Я только посмеялась.

— Правда, там ничего. Я говорю о холоде. Все же это старый дом, разве не так? К тому же среди ночи обязательно слышишь странные звуки. Вот это как раз…

— Да? Что это? Странные звуки? О чем ты говоришь?

— Ну вы же знаете. — Я лениво ковыряла вилкой свою капусту. — Посреди ночи тебя будят странные звуки. С вами разве такого никогда не бывало?

Он приподнял брови.

— Насколько припомню, такого не бывало. В том доме я не слышал никаких звуков. У него толстые стены, не то что у нынешних хибар. Сто лет назад дома строили навечно! Нет, ночью меня ничто не беспокоило. А вот этот дом поскрипывает, правда, Мэй?

— Но я хотела поинтересоваться, — торопливо продолжила я. — Разве вы никогда не ходили по этому дому?
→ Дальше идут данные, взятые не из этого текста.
Definition gpath (e : rel V) (s : seq V) : bool :=
  if s is x :: p then path e x p && uniq s else false.

Definition pweight (w : V -> V -> nat) (s : seq V) : nat :=
  \sum_(pr <- steps s) w pr.1 pr.2.

Definition gcycle (e : rel V) (s : seq V) : bool :=
  (2 < size s) && uniq s && cycle e s.

Definition cweight (w : V -> V -> nat) (s : seq V) : nat :=
  if s is x :: p then pweight w (rcons (x :: p) x) else 0.

Definition pedge (s : seq V) (u v : V) : bool :=
  has (fun pr => ((pr.1 == u) && (pr.2 == v)) || ((pr.1 == v) && (pr.2 == u)))
      (steps s).

Definition spanning_tree (t : rel V) : Prop :=
  symmetric t /\ (forall u v, connect t u v) /\ (forall c, ~~ gcycle t c).

Definition closed_nbhd (e : rel V) (s : seq V) : {set V} :=
  [set v | has (fun u => (u == v) || e u v) s].

End Graphs.

From mathcomp Require Import all_boot all_order all_algebra zify.
Set Implicit Arguments. Unset Strict Implicit. Unset Printing Implicit Defensive.
Import GRing.Theory Num.Theory.

(* Write P = v_0 ... v_k with edge weights w_i = w(v_i, v_{i+1}) in {3,4,5}; give v_0 the
   charge 2 and v_{i+1} the charge w_i - 3, for a total of 2 + l - 3k.  Minimality of P in
   F[N[P]] forbids shortcuts: a T-edge between vertices of P joins consecutive ones, and if
   an outside vertex z has T-neighbours v_a, v_b (a < b) then w_a + ... + w_{b-1} <= 6.
   A charged vertex v_c starts a run of T-edges along P; as T is connected and P is not
   spanning, some v_j on this run has a T-neighbour z outside P, and z receives the charge
   of v_c.  If z receives charges from its first donor v_c0, whose run meets z at v_j0, and
   from a later v_{i+1}, the bound 6 forces i = j0 and w_i = 4, as w_i = 5 would make
   z v_i v_{i+1} a cycle of weight 11.  So each vertex of N[P] outside P receives at most
   2 + 1, and 2 + l - 3k <= 3 (|N[P]| - k - 1). *)

Lemma leq_sum_two_points (I : finType) (P : pred I) (F : I -> nat) (i0 i1 : I) m n :
  P i0 -> F i0 <= m -> (forall i, P i -> i != i0 -> i = i1 /\ F i <= n) ->
  \sum_(i | P i) F i <= m + n.
Proof.
move=> Pi0 Fi0 others; rewrite (bigD1 i0) //= leq_add //.
apply: (@leq_trans (\sum_(i | i == i1) n)); last by rewrite big_pred1_eq.
rewrite big_mkcond [leqRHS]big_mkcond; apply: leq_sum => i _ /=.
case: ifP => // /andP[Pi ne_i0]; have [-> le_n] := others i Pi ne_i0.
by rewrite eqxx.
Qed.

Lemma last_take (T : Type) (x : T) (s : seq T) n :
  n <= size s -> last x (take n s) = nth x (x :: s) n.
Proof.
move=> le_ns; rewrite (last_nth x) size_take.
case: ltnP => [lt_ns | ge_ns]; last first.
  have /eqP -> : n == size s by rewrite eqn_leq le_ns ge_ns.
  by rewrite take_oversize.
by case: n le_ns lt_ns => //= n _ lt_ns; rewrite nth_take.
Qed.
(* Let $(X,\sigma_X)$, $(Y,\sigma_Y)$ be one-sided full shifts and $\pi:X\to Y$ a one-block factor map. Let $f\in Bow(X)$, $\mu_f$ its unique invariant Gibbs measure, $f_n(x)=e^{f(x)+\cdots+f(\sigma_X^{n-1}x)}$, and $\bar g_n(y)=\sup_{E_n(y)}\sum_{x\in E_n(y)}f_n(x)$. Suppose there exists $A>0$ such that $$\frac1A\le\frac{\bar g_n(y)}{|\pi^{-1}[y_1\cdots y_n]|\,f_n(x)}\le A$$ for all $n$, $y\in Y$, and all $x\in[x_1\cdots x_n]$ with $\pi([x_1\cdots x_n])\subseteq[y_1\cdots y_n]$. Then $\nu=\pi\mu_f$ is the unique invariant Gibbs measure for a continuous function on $Y$ belonging to $Bow(Y)$.
   Context: Full shift: $\{1,\dots,k\}^{\mathbb N}$ with left shift. One-block factor map: continuous surjection commuting with shifts, $\pi(x)_i$ depending only on $x_i$. $Bow(Z)=\{f\in C(Z):\sup_n\sup\{S_nf(z)-S_nf(z'):z_i=z'_i,1\le i\le n\}<\infty\}$, $S_nf=\sum_{i=0}^{n-1}f\circ\sigma^i$; such $f$ has a unique invariant Gibbs measure ($\mu$ invariant with $C_0^{-1}<\mu([z_1\cdots z_n])/e^{-nP(f)+S_nf(z)}<C_0$ for all $z,n$). $E_n(y)$: any set with exactly one point from each cylinder $[x_1\cdots x_n]$ of $X$ with $\pi([x_1\cdots x_n])\subseteq[y_1\cdots y_n]$; the sup is over all such choices. $|\pi^{-1}[y_1\cdots y_n]|$ is the number of such cylinders. *)

From Stdlib Require Import Reals List Arith.
Import ListNotations.
Open Scope R_scope.

(* Alphabet {0,...,k-1} (paper: {1,...,k}); points of the full shift are
   sequences nat -> nat with all letters < k; coordinates are 0-based. *)
Definition point := nat -> nat.
Definition inX (k : nat) (x : point) : Prop := forall i, (x i < k)%nat.

Definition shiftn (i : nat) (x : point) : point := fun j => x (i + j)%nat.

Definition agree (n : nat) (x z : point) : Prop := forall i, (i < n)%nat -> x i = z i.

Fixpoint Rsum (l : list R) : R :=
  match l with [] => 0 | a :: t => a + Rsum t end.

Definition Sn (f : point -> R) (n : nat) (x : point) : R :=
  Rsum (map (fun i => f (shiftn i x)) (seq 0 n)).
(* Let $T>0$, let $F:\mathbb{R}^n\rightrightarrows\mathbb{R}^n$ be a set-valued mapping with closed graph, and let $f:[0,T]\times\mathbb{R}^n\to\mathbb{R}^n$ be continuously differentiable. Let $x:[0,T]\to\mathbb{R}^n$ be continuous with $0\in f(t,x(t))+F(x(t))$ for each $t\in[0,T]$, and set $W:=\{(x(t),-f(t,x(t))):t\in[0,T]\}$. Suppose $F$ is uniformly semismooth$^*$ on $W$. Then for each $\varepsilon>0$ there is $\delta>0$ such that for each $t\in[0,T]$, each $(x,y)\in(B[x(t),\delta]\times B[0,\delta])\cap\operatorname{gph}(f(t,\cdot)+F)$ and each $(y^*,x^* )\in\operatorname{gph}D^*(f(t,\cdot)+F)(x,y)$ we have $$|\langle x^*,x-x(t)\rangle-\langle y^*,y\rangle|\le\varepsilon\|(x^*,y^* )\|\,\|(x,y)-(x(t),0)\|.$$
   Context: Euclidean norm on $\mathbb{R}^n$, max-norm $\|(a,b)\|=\max\{\|a\|,\|b\|\}$ on products; $B[z,r]$ is the closed ball. The limiting coderivative of a set-valued map $G$ at $(x,y)\in\operatorname{gph}G$ is given by $\operatorname{gph}D^*G(x,y)=\{(y^*,x^* ):(x^*,-y^* )\in N_{\operatorname{gph}G}(x,y)\}$, $N$ the limiting normal cone. $F$ is uniformly semismooth$^*$ on a set $W$ if for each $\varepsilon>0$ there is $\delta>0$ such that for each $(u,z)\in W$, each $(x,y)\in(B[u,\delta]\times B[z,\delta])\cap\operatorname{gph}F$ and each $(y^*,x^* )\in\operatorname{gph}D^*F(x,y)$: $|\langle x^*,x-u\rangle-\langle y^*,y-z\rangle|\le\varepsilon\|(x^*,y^* )\|\,\|(x,y)-(u,z)\|$. *)

From HB Require Import structures.
From mathcomp Require Import all_boot all_order all_algebra.
From mathcomp Require Import reals.
Set Implicit Arguments. Unset Strict Implicit. Unset Printing Implicit Defensive.
Import Order.TTheory GRing.Theory Num.Theory.
Local Open Scope ring_scope.

Section Defs.
Context {R : realType} {n : nat}.
Local Notation vec := 'rV[R]_n.

Definition dot (u v : vec) : R := \sum_(i < n) u 0 i * v 0 i.
Definition enorm (u : vec) : R := Num.sqrt (dot u u).

Definition pnorm (p : vec * vec) : R := Num.max (enorm p.1) (enorm p.2).
Definition pdot (p q : vec * vec) : R := dot p.1 q.1 + dot p.2 q.2.
Definition psub (p q : vec * vec) : vec * vec := (p.1 - q.1, p.2 - q.2).
Theorem theorem7p8 (p : nat) (hp : prime p) (K : fieldType) (hK : p \in [pchar K]) :
  (* (a) *)
  (forall (A : gpreLie K) (i1 i2 i3 : int) (a1 a2 a3 : gcar A),
     ghom A i1 a1 -> ghom A i2 a2 -> ghom A i3 a3 ->
     psign K i1 i3 *: gbr A (i1 + i2) i3 (gbr A i1 i2 a1 a2) a3
     + psign K i2 i1 *: gbr A (i2 + i3) i1 (gbr A i2 i3 a2 a3) a1
     + psign K i3 i2 *: gbr A (i3 + i1) i2 (gbr A i3 i1 a3 a1) a2 = 0)
  /\ (p = 2%N -> forall (A : gpreLie K) (i : int) (x : gcar A),
        ghom A i x -> gbr A i i x x = 0)
  /\ (p = 3%N -> forall (A : gpreLie K) (i : int) (x : gcar A),
        ghom A i x -> gbr A (i + i) i (gbr A i i x x) x = 0)
  (* (b) *)
  /\ (forall d : int, ~~ odd (absz d) ->
        ~ (forall (k l : nat) (A : gpreLie K) (a : gcar A), ghom A d a ->
             gpow A (gpow A a (p ^ k)) (p ^ l) = gpow A a (p ^ (k + l))))
  /\ (forall d : int, odd (absz d) ->
        ~ (forall (k l : nat) (A : gpreLie K) (b : gcar A), ghom A d b ->
             gpow A (gpow A b (2 * p ^ k)) (p ^ l) = gpow A b (2 * p ^ (k + l))))
  (* (c) *)
  /\ (forall da db : int, ~~ odd (absz db) ->
        ~ (forall (A : gpreLie K) (a b : gcar A), ghom A da a -> ghom A db b ->
             gbr A da (p%:Z * db) a (gpow A b p) = itbr A da db a b p))
  (* (d) *)
  /\ (forall (A : gpreLie K) (d0 d1 : int) (c0 c1 : gcar A),
        ~~ odd (absz d0) -> ~~ odd (absz d1) -> ghom A d0 c0 -> ghom A d1 c1 ->
        forall dd : nat -> gcar A,
        (forall i : nat, (1 <= i <= p - 1)%N ->
           i%:R *: dd i =
           \sum_(e : (p - 2).-tuple bool | count id e == i.-1)
              nestbr A d0 d1 c0 c1 (d1 + d0) (gbr A d1 d0 c1 c0) e) ->
        gpow A (c1 + c0) p = gpow A c1 p + gpow A c0 p + \sum_(1 <= i < p) dd i).
Proof.
have p_gt1 := prime_gt1 hp.
split; first by move=> A *; apply: gbr_jacobi.
split; first by move=> p2 A i x _; apply: gbr_self_pchar2; rewrite -p2.
split; first by move=> _ A i x; apply: gbr_gbr_self.
split.
  move=> d _ /(_ 2 1 (@poly_preLie K 0 d true isT) _ (mhom_eb K 0 d)).
  rewrite expnD expn1; apply: gpow_gpow_eb_neq => //.
  exact: leq_trans (leq_mul p_gt1 p_gt1).
split.
  move=> d _ /(_ 1 1 (@poly_preLie K 0 d true isT) _ (mhom_eb K 0 d)).
  rewrite expnD !expn1 mulnA; apply: gpow_gpow_eb_neq => //.
  exact: leq_trans (leq_mul (leqnn 2) p_gt1).
split.
  move=> da db ev_db.
  move=> /(_ (@poly_preLie K da db false ev_db) _ _ (mhom_ea K da db) (mhom_eb K da db)).
  exact: gbr_ea_gpow_eb_neq.
by move=> A d0 d1 c0 c1 ev0 ev1 hc0 hc1 dd; apply: gpow_add_pchar.
Qed.
Theorem lemma1 (R : realType) (stat : statistics) (L : nat)
  (W : coeffs R L) (m0 m1 : nat) (n : nat)
  (Pn Pn1 : op R L) :
  (m0 <= m1)%N ->
  (* each H^{(m)}, m0 <= m <= m1, is self-adjoint *)
  (forall m, (m0 <= m <= m1)%N -> forall k (phi psi : vec R L),
      sector R stat L k phi -> sector R stat L k psi ->
      inner R stat L k phi (Hm R stat L W m psi) = inner R stat L k (Hm R stat L W m phi) psi) ->
  (m1 <= n)%N ->
  (* H_n >= 0 *)
  (forall psi, sector R stat L n psi ->
      0 <= inner R stat L n psi (Ham R stat L W m0 m1 psi)) ->
  (* H_{n+1} >= 1/(n+1-m0) sum_j a_j^+ H_n a_j *)
  (forall psi, sector R stat L n.+1 psi ->
      ((n.+1 - m0)%:R)^-1 *
        \sum_(j < L) inner R stat L n.+1 psi
             (cre R stat L j (Ham R stat L W m0 m1 (ann R stat L j psi)))
      <= inner R stat L n.+1 psi (Ham R stat L W m0 m1 psi)) ->
  (* P_n, P_{n+1}: orthogonal projections onto ker H_n, ker H_{n+1} *)
  is_ker_proj R stat L (Ham R stat L W m0 m1) n Pn ->
  is_ker_proj R stat L (Ham R stat L W m0 m1) n.+1 Pn1 ->
  let Pperp : op R L := fun psi c => psi c - Pn1 psi c in
  let X : op R L := fun psi =>
      Pperp (fun c => \sum_(j < L) cre R stat L j (Pn (ann R stat L j (Pperp psi))) c) in
  ((((n.+1)%:R - opnorm R stat L n.+1 X) / (n.+1 - m0)%:R)%:E
     * gap R stat L (Ham R stat L W m0 m1) n
   <= gap R stat L (Ham R stat L W m0 m1) n.+1)%E.
Proof.
move=> m0_le_m1 Hm_sa m1_le_n H_ge0 H_lower Pn_ker Pn1_ker; cbv zeta.
rewrite -[X in opnorm _ _ _ _ X]/(lifted_proj R stat L Pn Pn1).
set H := Ham R stat L W m0 m1.
have H_sa := Ham_selfadjoint (fun m m_in => Hm_sa m m_in n).
set A : R := (n.+1 - m0)%:R.
have A_gt0 : 0 < A by rewrite ltr0n subn_gt0 ltnS (leq_trans m0_le_m1).
apply: le_ereal_inf_tmp => _ [psi [Spsi [psi_orth psi1]] <-].
have energy_lower : A^-1 * \sum_(j < L) complex.Re
    (inner R stat L n (ann R stat L j psi) (H (ann R stat L j psi))) <=
    complex.Re (inner R stat L n.+1 psi (H psi)).
  have := ler_Re (H_lower psi Spsi); rewrite natC -fmorphV Re_scale Re_sum.
  by under eq_bigr do rewrite inner_cre.
have perp_gap := mule_sum_le (gap_ge0 _ _ H_ge0) (fun j => Re_inner_ge0 _ _)
  (fun j => gap_le_energy (Ham_linear W m0 m1) H_sa Pn_ker (ann_sector j Spsi))
  (lifted_proj_perp_mass Pn_ker Pn1_ker Spsi psi_orth psi1).
rewrite mulrC EFinM -muleA; apply: le_trans (lee_wpmul2l _ perp_gap) _.
  by rewrite lee_fin invr_ge0 ltW.
by rewrite -EFinM lee_fin.
Qed.
(* The group $W=\bigoplus_{i\in\mathbf{N}}W_i$ embeds in both $(\wr\mathbf{Z})^{\infty}$ and $(\mathbf{Z}\wr)^{\infty}$.
   Context: Restricted wreath product: $A\wr\mathbf{Z}=(\bigoplus_{i\in\mathbf{Z}}A)\rtimes\mathbf{Z}$. $W_0=1$, $W_i=W_{i-1}\wr\mathbf{Z}$; $(\mathbf{Z}\wr)^{\infty}$ is the ascending union of the $W_i$ with $W_i$ embedded in $W_{i+1}$ as the index-$0$ base summand. For permutation groups $(K,X)$, $(L,Y)$, the permutation wreath product $K\wr L\le\mathrm{Sym}(X\times Y)$ is generated by $(x,y)\mapsto(x\kappa,y)$, $(x,y')\mapsto(x,y')$ for $y'\neq y$ ($\kappa\in K$, $y\in Y$) and $(x,y)\mapsto(x,y\lambda)$ ($\lambda\in L$). $P_1=\mathbf{Z}$ on $\mathbf{Z}$ by translation, $P_{k+1}=\mathbf{Z}\wr P_k$ (permutation wreath product) with $P_k$ the top group; $(\wr\mathbf{Z})^{\infty}$ is the ascending union of the $P_k$. *)

(* Infinite groups are represented concretely as "setoid groups":
   a carrier type, a membership predicate (the actual group is the set of
   members), an equality relation, and the group operations. *)
From Stdlib Require Import ZArith Arith.

Set Implicit Arguments.

Record Grp : Type := MkGrp {
  gT : Type;
  gmem : gT -> Prop;
  geq : gT -> gT -> Prop;
  gmul : gT -> gT -> gT;
  ginv : gT -> gT;
  gone : gT }.

Definition embeds (G H : Grp) : Prop :=
  exists f : gT G -> gT H,
    (forall x, gmem G x -> gmem H (f x)) /\
    (forall x y, gmem G x -> gmem G y -> (geq H (f x) (f y) <-> geq G x y)) /\
    (forall x y, gmem G x -> gmem G y ->
        geq H (f (gmul G x y)) (gmul H (f x) (f y))).

Definition trivG : Grp :=
  MkGrp (fun _ : unit => True) (fun _ _ => True) (fun _ _ => tt) (fun _ => tt) tt.

(** Restricted wreath product A wr Z = (sum_{i in Z} A) x| Z, with Z acting
    by shifting indices: (f,n)(g,m) = (i |-> f i * g (i - n), n + m). *)
Definition wrZ (A : Grp) : Grp :=
  MkGrp (gT := ((Z -> gT A) * Z)%type)
    (fun p => (forall i, gmem A (fst p i)) /\
              exists N : Z, forall i, (N < Z.abs i)%Z -> geq A (fst p i) (gone A))
    (fun p q => (forall i, geq A (fst p i) (fst q i)) /\ snd p = snd q)
    (fun p q => (fun i => gmul A (fst p i) (fst q (i - snd p)%Z), (snd p + snd q)%Z))
    (fun p => (fun i => ginv A (fst p (i + snd p)%Z), (- snd p)%Z))
    (fun _ => gone A, 0%Z).

Fixpoint Wg (i : nat) : Grp :=
  match i with
  | O => trivG
  | S j => wrZ (Wg j)
  end.

Definition Wsum : Grp :=
  MkGrp (gT := forall i : nat, gT (Wg i))
    (fun x => (forall i, gmem (Wg i) (x i)) /\
              exists N : nat, forall i, (N < i)%nat -> geq (Wg i) (x i) (gone (Wg i)))
    (fun x y => forall i, geq (Wg i) (x i) (y i))
    (fun x y => fun i => gmul (Wg i) (x i) (y i))
    (fun x => fun i => ginv (Wg i) (x i))
    (fun i => gone (Wg i)).

(** Ascending union (direct limit) of a chain G 0 -> G 1 -> ... along maps phi. *)
Section DirLim.
Variable G : nat -> Grp.
Variable phi : forall m, gT (G m) -> gT (G (S m)).

(* image of x : G i in G n (meaningful for i <= n) *)
Local Unset Implicit Arguments.
Fixpoint lift (i : nat) (x : gT (G i)) (n : nat) {struct n} : gT (G n) :=
  match Nat.eq_dec i n with
  | left e => eq_rect i (fun k => gT (G k)) x n e
  | right _ =>
      match n return gT (G n) with
      | O => gone (G O)
      | S m => phi m (lift i x m)
      end
  end.

Definition dirlim : Grp :=
  MkGrp (gT := {i : nat & gT (G i)})
    (fun p => gmem (G (projT1 p)) (projT2 p))
    (fun p q => exists n, (projT1 p <= n)%nat /\ (projT1 q <= n)%nat /\
                  geq (G n) (lift _ (projT2 p) n) (lift _ (projT2 q) n))
    (fun p q => existT (fun k => gT (G k)) (Nat.max (projT1 p) (projT1 q))
                  (gmul _ (lift _ (projT2 p) _) (lift _ (projT2 q) _)))
    (fun p => existT (fun k => gT (G k)) (projT1 p) (ginv _ (projT2 p)))
    (existT (fun k => gT (G k)) O (gone (G O))).
End DirLim.

(** (Z wr)^infty: union of the W_i, W_i embedded in W_{i+1} as index-0 summand *)
Definition ZwrInf : Grp :=
  dirlim Wg (fun i (a : gT (Wg i)) =>
     ((fun j : Z => if Z.eq_dec j 0 then a else gone (Wg i)), 0%Z)
     : gT (Wg (S i))).

(** Permutations of X, represented by a function and its inverse; the product
    is composition with right actions: x (s t) = (x s) t. *)
Definition perm (X : Type) : Type := ((X -> X) * (X -> X))%type.

Definition isperm X (s : perm X) : Prop :=
  (forall x, snd s (fst s x) = x) /\ (forall x, fst s (snd s x) = x).

Definition pmul X (s t : perm X) : perm X :=
  (fun x => fst t (fst s x), fun x => snd s (snd t x)).
Definition pinv X (s : perm X) : perm X := (snd s, fst s).
Definition pid X : perm X := (fun x => x, fun x => x).

Inductive gen X (S : perm X -> Prop) : perm X -> Prop :=
| gen_base s : S s -> gen S s
| gen_one : gen S (pid X)
| gen_mul s t : gen S s -> gen S t -> gen S (pmul s t)
| gen_inv s : gen S s -> gen S (pinv s)
| gen_ext s t : gen S s -> (forall x, fst s x = fst t x) ->
                (forall x, snd s x = snd t x) -> gen S t.

Definition PermG (X : Type) (P : perm X -> Prop) : Grp :=
  MkGrp (gT := perm X) (fun s => isperm s /\ P s)
    (fun s t => forall x, fst s x = fst t x) (@pmul X) (@pinv X) (pid X).

Definition basegen X Y (deqY : forall a b : Y, {a = b} + {a <> b})
  (k : perm X) (y : Y) : perm (X * Y) :=
  (fun p => if deqY (snd p) y then (fst k (fst p), snd p) else p,
   fun p => if deqY (snd p) y then (snd k (fst p), snd p) else p).

Definition topgen X Y (l : perm Y) : perm (X * Y) :=
  (fun p => (fst p, fst l (snd p)), fun p => (fst p, snd l (snd p))).

Definition pwr X Y (deqY : forall a b : Y, {a = b} + {a <> b})
  (K : perm X -> Prop) (L : perm Y -> Prop) : perm (X * Y) -> Prop :=
  gen (fun s => (exists k y, K k /\ s = basegen deqY k y) \/
                (exists l, L l /\ s = topgen X l)).

Definition transl : perm Z -> Prop :=
  fun s => exists n : Z, s = (fun x => (x + n)%Z, fun x => (x - n)%Z).

(** Yt n = Z^(n+1), the set on which P_(n+1) acts *)
Fixpoint Yt (n : nat) : Type :=
  match n with
  | O => Z
  | S m => (Z * Yt m)%type
  end.

Definition Ydec (n : nat) : forall a b : Yt n, {a = b} + {a <> b}.
Proof.
  induction n as [|n IH]; simpl.
  - exact Z.eq_dec.
  - intros a b; decide equality; solve [apply IH | apply Z.eq_dec].
Defined.

(** Ppred n = P_(n+1): P_1 = translations, P_(k+1) = Z wr P_k *)
Fixpoint Ppred (n : nat) : perm (Yt n) -> Prop :=
  match n with
  | O => transl
  | S m => pwr (Ydec m) transl (Ppred m)
  end.

Definition Pg (n : nat) : Grp := @PermG (Yt n) (Ppred n).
Не слышали странных звуков или, может… заметили что-то необычное? Понимаете, вещи, которые невозможно объяснить?

Дядя Уильям непонимающе уставился на меня.

— Что ты хочешь сказать, Андреа? — спросила Элси, беря бутылку с вином. — Что там водятся призраки?

Все рассмеялись — Уильям, Элси, Мэй. Дядя Эд только улыбнулся и не переставал есть.

— Я не это хотела сказать, — ответила я, хотя именно это имела в виду. — Но мне хотелось узнать, не…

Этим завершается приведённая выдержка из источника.